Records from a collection
--------------------------------------------------

(* For positive integers $N$ and $M\le N$, for $n\in\{1,\dots,M-1\}$ and $l\in\{1,\dots,M-1-n\}$ let $$c_M(n,l;t)=\prod_{j=1}^n\left|\frac{(1-t^{M-l-j})(1-t^{l+j})}{1-t^j}\right|.$$ For each $M$ let $(n_M,l_M)$ be a pair in this range at which $c_M(n,l;e^{\frac{2\pi i}{N+1/2}})$ attains its maximum. Assume $\frac{M}{N+\frac12}\to s\in[0,1]$, $\frac{n_M}{N+\frac12}\to n_s$ and $\frac{l_M}{N+\frac12}\to l_s$ as $N\to\infty$. Then $$\lim_{N\to\infty}\frac{1}{N+\frac12}\log c_M\big(n_M,l_M;e^{\frac{2\pi i}{N+1/2}}\big)\le\frac{\mathrm{Vol}(\mathbb{S}^3\setminus WL)}{2\pi},$$ with equality if and only if $s=1$, $n_s=\tfrac12$ and $l_s=\tfrac14$.
   Context: $WL$ denotes the Whitehead link; $\mathrm{Vol}(\mathbb{S}^3\setminus WL)=v_8=8\Lambda(\pi/4)$ is its hyperbolic volume, where $\Lambda(\theta)=-\int_0^\theta\log|2\sin t|\,dt$ is the Lobachevsky function and $v_8$ is the volume of the regular ideal octahedron. *)

From Stdlib Require Import Reals.
From Coquelicot Require Import Coquelicot.
Open Scope R_scope.

Fixpoint prod1 (f : nat -> R) (n : nat) : R :=
  match n with
  | O => 1
  | S k => prod1 f k * f (S k)
  end.

Definition expi (theta : R) : C := (cos theta, sin theta).

Definition cM (M n l : nat) (t : C) : R :=
  prod1 (fun j => Cmod (((1 - Cpow t (M - l - j)) * (1 - Cpow t (l + j)))
                        / (1 - Cpow t j))%C) n.

Definition Lob (theta : R) : R :=
  - RInt_gen (fun x => ln (Rabs (2 * sin x))) (at_right 0) (at_point theta).

(* volume of the regular ideal octahedron = Vol(S^3 \ Whitehead link) *)
Definition v8 : R := 8 * Lob (PI / 4).

Definition tN (N : nat) : C := expi (2 * PI / (INR N + / 2)).

(* With δ = π/(N+1/2) and t = e^{2iδ} one has |1 - t^k| = 2 sin(kδ), so log c_M(n,l;t) is a signed
   combination of five partial sums Σ_{k≤m} log(2 sin kδ).  Times δ, each is a Riemann sum for
   ∫_0^{mδ} log(2 sin x) dx = -Λ(mδ); the error is at most δ times the total variation of the
   unimodal integrand plus the contribution of the integrable singularity at 0, so it vanishes.
   The limit is V(A,B,C)/π with A = π(s - l_s - n_s), B = π l_s, C = π n_s and
   V = Λ(A) - Λ(A+C) + Λ(B) - Λ(B+C) + Λ(C).  Since Λ(π - x) = -Λ(x), for fixed C the increment
   Λ(A) - Λ(A+C) is maximal exactly at A = (π-C)/2, where it is 2Λ((π-C)/2), and 4Λ((π-C)/2) + Λ(C)
   is maximal exactly at C = π/2, where it is 4Λ(π/4) = v_8/2 because Λ(π/2) = 0. *)

From Stdlib Require Import Reals Lra Lia.
From Coquelicot Require Import Coquelicot.
Open Scope R_scope.

Lemma MVT_is_derive (f f' : R -> R) (a b : R) : a < b ->
  (forall x, a < x < b -> is_derive f x (f' x)) ->
  (forall x, a <= x <= b -> continuity_pt f x) ->
  exists c, a < c < b /\ f b - f a = f' c * (b - a).
Proof.
  intros Hab Hd Hc.
  assert (pr : forall c, a < c < b -> derivable_pt f c).
  { intros c Hc'. exists (f' c). apply is_derive_Reals, Hd, Hc'. }
  destruct (MVT f id a b pr (fun c _ => derivable_pt_id c) Hab Hc
              (fun c _ => derivable_continuous_pt _ _ (derivable_pt_id c))) as [c [Pc HP]].
  exists c. split; [exact Pc|].
  rewrite (derive_pt_eq_0 f c (f' c) (pr c Pc)) in HP by (apply is_derive_Reals, Hd, Pc).
  rewrite (derive_pt_eq_0 id c 1 _ (derivable_pt_lim_id c)) in HP.
  unfold id in HP. lra.
Qed.

Lemma strict_incr_of_derive_pos (f f' : R -> R) (a b : R) : a < b ->
  (forall x, a < x < b -> is_derive f x (f' x)) ->
  (forall x, a <= x <= b -> continuity_pt f x) ->
  (forall x, a < x < b -> 0 < f' x) -> f a < f b.
Proof.
  intros Hab Hd Hc Hp. destruct (MVT_is_derive f f' a b Hab Hd Hc) as [c [Hc1 Hc2]].
  specialize (Hp c Hc1). nra.
Qed.

Lemma strict_decr_of_derive_neg (f f' : R -> R) (a b : R) : a < b ->
  (forall x, a < x < b -> is_derive f x (f' x)) ->
  (forall x, a <= x <= b -> continuity_pt f x) ->
  (forall x, a < x < b -> f' x < 0) -> f b < f a.
Proof.
  intros Hab Hd Hc Hn. destruct (MVT_is_derive f f' a b Hab Hd Hc) as [c [Hc1 Hc2]].
  specialize (Hn c Hc1). nra.
Qed.

Lemma const_of_derive_0 (f f' : R -> R) (a b : R) : a <= b ->
  (forall x, a < x < b -> is_derive f x (f' x)) ->
  (forall x, a <= x <= b -> continuity_pt f x) ->
  (forall x, a < x < b -> f' x = 0) -> f a = f b.
Proof.
  intros Hab Hd Hc H0. destruct (Rle_lt_or_eq_dec a b Hab) as [Hlt|<-]; [|reflexivity].
  destruct (MVT_is_derive f f' a b Hlt Hd Hc) as [c [Hc1 Hc2]].
  rewrite (H0 c Hc1) in Hc2. lra.
Qed.

Lemma xlnx_ge (x : R) : 0 < x -> -2 * sqrt x <= x * ln x.
Proof.
  intros Hx. set (u := sqrt x).
  assert (Hu : 0 < u) by (apply sqrt_lt_R0; lra).
  assert (Hxu : x = u * u) by (unfold u; rewrite sqrt_sqrt; lra).
  assert (Hlnu : 1 - / u <= ln u).
  { pose proof (exp_ineq1_le (- ln u)) as H. rewrite exp_Ropp, exp_ln in H; lra. }
  assert (u * (1 - / u) = u - 1) by (field; lra).
  rewrite Hxu, ln_mult by lra. nra.
Qed.

(** * A primitive of [log (2 sin x)] on [[0, π]] *)

Definition sinc (t : R) : R := if Req_dec_T t 0 then 1 else sin t / t.

Lemma sinc_neq0 (t : R) : t <> 0 -> sinc t = sin t / t.
Proof. intros H. unfold sinc. now destruct (Req_dec_T t 0). Qed.

Lemma sinc_0 : sinc 0 = 1.
Proof. unfold sinc. now destruct (Req_dec_T 0 0). Qed.

Lemma continuity_sinc (t : R) : continuity_pt sinc t.
Proof.
  destruct (Req_dec t 0) as [->|Ht].
  - intros eps Heps. destruct (derivable_pt_lim_sin 0 eps Heps) as [d Hd].
    exists d. split; [apply cond_pos|]. intros y [[_ Hy0] Hy]. simpl in *. unfold R_dist in *.
    rewrite sinc_0, sinc_neq0 by auto. rewrite Rminus_0_r in Hy.
    specialize (Hd y (not_eq_sym Hy0) Hy).
    now rewrite Rplus_0_l, sin_0, cos_0, Rminus_0_r in Hd.
  - apply (continuity_pt_locally_ext (fun t => sin t / t) sinc (Rabs t)).
    + now apply Rabs_pos_lt.
    + intros y Hy. symmetry. apply sinc_neq0. intros ->.
      unfold Rdist in Hy. rewrite Rminus_0_l, Rabs_Ropp in Hy. lra.
    + apply continuity_pt_div; [reg|reg|exact Ht].
Qed.

(* [sin t / (t (π - t))], extended continuously to [0] and [π] through
   [1 / (t (π - t)) = (1 / t + 1 / (π - t)) / π]. *)
Definition sin_ratio (t : R) : R := (sinc t + sinc (PI - t)) / PI.

Lemma sin_ratio_eq (t : R) : t <> 0 -> t <> PI -> sin_ratio t = sin t / (t * (PI - t)).
Proof.
  intros H0 HP. pose proof PI_RGT_0. unfold sin_ratio.
  rewrite !sinc_neq0, sin_PI_x by lra. field. lra.
Qed.

Lemma sin_ratio_pos (t : R) : - PI < t < 2 * PI -> 0 < sin_ratio t.
Proof.
  intros Ht. pose proof PI_RGT_0.
  destruct (Req_dec t 0) as [->|H0].
  { unfold sin_ratio. rewrite sinc_0, Rminus_0_r, sinc_neq0, sin_PI by lra.
    apply Rdiv_lt_0_compat; lra. }
  destruct (Req_dec t PI) as [->|HP].
  { unfold sin_ratio. rewrite Rminus_diag, sinc_0, sinc_neq0, sin_PI by lra.
    apply Rdiv_lt_0_compat; lra. }
  rewrite sin_ratio_eq by assumption.
  destruct (Rlt_or_le t 0) as [Hn|Hn]; [|destruct (Rlt_or_le t PI) as [Hp|Hp]].
  - pose proof (sin_lt_0_var t ltac:(lra) Hn).
    replace (sin t / (t * (PI - t))) with ((- sin t) / (- t * (PI - t))) by (field; lra).
    apply Rdiv_lt_0_compat; nra.
  - pose proof (sin_gt_0 t ltac:(lra) Hp). apply Rdiv_lt_0_compat; nra.
  - pose proof (sin_lt_0 t ltac:(lra) ltac:(lra)).
    replace (sin t / (t * (PI - t))) with ((- sin t) / (t * (t - PI))) by (field; lra).
    apply Rdiv_lt_0_compat; nra.
Qed.

Lemma continuity_ln_sin_ratio (t : R) : - PI < t < 2 * PI ->
  continuity_pt (fun t => ln (sin_ratio t)) t.
Proof.
  intros Ht. pose proof PI_RGT_0. apply (continuity_pt_comp sin_ratio ln).
  - apply continuity_pt_div; [apply continuity_pt_plus|now apply continuity_pt_const|lra].
    + apply continuity_sinc.
    + apply (continuity_pt_comp (fun t => PI - t) sinc); [|apply continuity_sinc].
      reg.
  - apply derivable_continuous_pt. exists (/ sin_ratio t).
    apply derivable_pt_lim_ln, sin_ratio_pos, Ht.
Qed.

Lemma is_derive_RInt_ln_sin_ratio (x : R) : - PI < x < 2 * PI ->
  is_derive (fun x => RInt (fun t => ln (sin_ratio t)) 0 x) x (ln (sin_ratio x)).
Proof.
  intros Hx. pose proof PI_RGT_0. auto_derive; [|ring].
  repeat split.
  - change (ex_RInt (fun t => ln (sin_ratio t)) 0 x).
    apply (ex_RInt_continuous (V := R_CompleteNormedModule)). intros z Hz.
    apply continuity_pt_filterlim, continuity_ln_sin_ratio.
    revert Hz. unfold Rmin, Rmax. destruct (Rle_dec 0 x); lra.
  - apply (locally_interval _ x (- PI) (2 * PI)); try (simpl; lra).
    intros y Hy1 Hy2. apply continuity_ln_sin_ratio. simpl in *. lra.
Qed.

Definition log2sin (x : R) : R := ln (2 * sin x).

Definition xlogx_minus_x (y : R) : R := y * ln y - y.

Lemma continuity_xlogx_minus_x (y : R) : 0 <= y -> continuity_pt xlogx_minus_x y.
Proof.
  intros Hy. destruct (Rle_lt_or_eq_dec 0 y Hy) as [Hp|<-].
  - apply derivable_continuous_pt. exists (ln y). apply is_derive_Reals.
    unfold xlogx_minus_x. auto_derive; [lra|field; lra].
  - intros eps He.
    exists (Rmin 1 (Rsqr (eps / 3))).
    split; [apply Rmin_pos; [lra|apply Rsqr_pos_lt; lra]|].
    intros z [_ Hz]. simpl in *. unfold R_dist in *. rewrite Rminus_0_r in Hz.
    assert (Hz1 := Rlt_le_trans _ _ _ Hz (Rmin_l _ _)).
    assert (Hz2 := Rlt_le_trans _ _ _ Hz (Rmin_r _ _)). unfold Rsqr in Hz2.
    assert (Hz3 : Rabs z < eps / 3) by (destruct (Rle_lt_dec (eps / 3) 1); nra).
    unfold xlogx_minus_x. rewrite Rmult_0_l, !Rminus_0_r.
    destruct (Rle_lt_dec z 0) as [Hn|Hp].
    + assert (Hln : ln z = 0) by (unfold ln; case Rlt_dec; [intros; exfalso; lra|now intros]).
      rewrite Hln, Rmult_0_r, Rminus_0_l, Rabs_Ropp. lra.
    + rewrite Rabs_right in Hz1, Hz2, Hz3 by lra.
      assert (Hs : sqrt z < eps / 3).
      { rewrite <- (sqrt_square (eps / 3)) by lra. apply sqrt_lt_1; lra. }
      assert (ln z <= 0) by (rewrite <- ln_1; apply ln_le; lra).
      pose proof (xlnx_ge z Hp). apply Rabs_def1; nra.
Qed.

(* [log (2 sin x) = log 2 + log x + log (π - x) + log (sin_ratio x)]: the first three
   terms have explicit primitives continuous up to [0] and [π], the last one is continuous. *)
Definition Lprim (x : R) : R :=
  x * ln 2 + xlogx_minus_x x - xlogx_minus_x (PI - x) + RInt (fun t => ln (sin_ratio t)) 0 x.

Lemma is_derive_Lprim (x : R) : 0 < x < PI -> is_derive Lprim x (log2sin x).
Proof.
  intros Hx. pose proof PI_RGT_0.
  assert (HK := is_derive_RInt_ln_sin_ratio x ltac:(lra)).
  assert (Hr := sin_ratio_pos x ltac:(lra)).
  assert (E : log2sin x = ln 2 + ln x + ln (PI - x) + ln (sin_ratio x)).
  { unfold log2sin. rewrite sin_ratio_eq in * by lra.
    replace (2 * sin x) with (2 * x * (PI - x) * (sin x / (x * (PI - x)))) by (field; lra).
    rewrite !ln_mult by (try lra; repeat apply Rmult_lt_0_compat; lra). ring. }
  rewrite E. unfold Lprim, xlogx_minus_x.
  apply (is_derive_plus (fun x => x * ln 2 + (x * ln x - x) - ((PI - x) * ln (PI - x) - (PI - x))));
    [|exact HK].
  auto_derive; [lra|]. replace (PI + - x) with (PI - x) by ring. field. lra.
Qed.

--------------------------------------------------

#### Exercise details
Retype only the stretch of lines above starting at the one with "destruct (Req_dec t 0) as [->|Ht]." and stopping at the one with "intros H0 HP.", exactly as written, with both kept.

#### Task answer
  destruct (Req_dec t 0) as [->|Ht].
  - intros eps Heps. destruct (derivable_pt_lim_sin 0 eps Heps) as [d Hd].
    exists d. split; [apply cond_pos|]. intros y [[_ Hy0] Hy]. simpl in *. unfold R_dist in *.
    rewrite sinc_0, sinc_neq0 by auto. rewrite Rminus_0_r in Hy.
    specialize (Hd y (not_eq_sym Hy0) Hy).
    now rewrite Rplus_0_l, sin_0, cos_0, Rminus_0_r in Hd.
  - apply (continuity_pt_locally_ext (fun t => sin t / t) sinc (Rabs t)).
    + now apply Rabs_pos_lt.
    + intros y Hy. symmetry. apply sinc_neq0. intros ->.
      unfold Rdist in Hy. rewrite Rminus_0_l, Rabs_Ropp in Hy. lra.
    + apply continuity_pt_div; [reg|reg|exact Ht].
Qed.

(* [sin t / (t (π - t))], extended continuously to [0] and [π] through
   [1 / (t (π - t)) = (1 / t + 1 / (π - t)) / π]. *)
Definition sin_ratio (t : R) : R := (sinc t + sinc (PI - t)) / PI.

Lemma sin_ratio_eq (t : R) : t <> 0 -> t <> PI -> sin_ratio t = sin t / (t * (PI - t)).
Proof.
  intros H0 HP. pose proof PI_RGT_0. unfold sin_ratio.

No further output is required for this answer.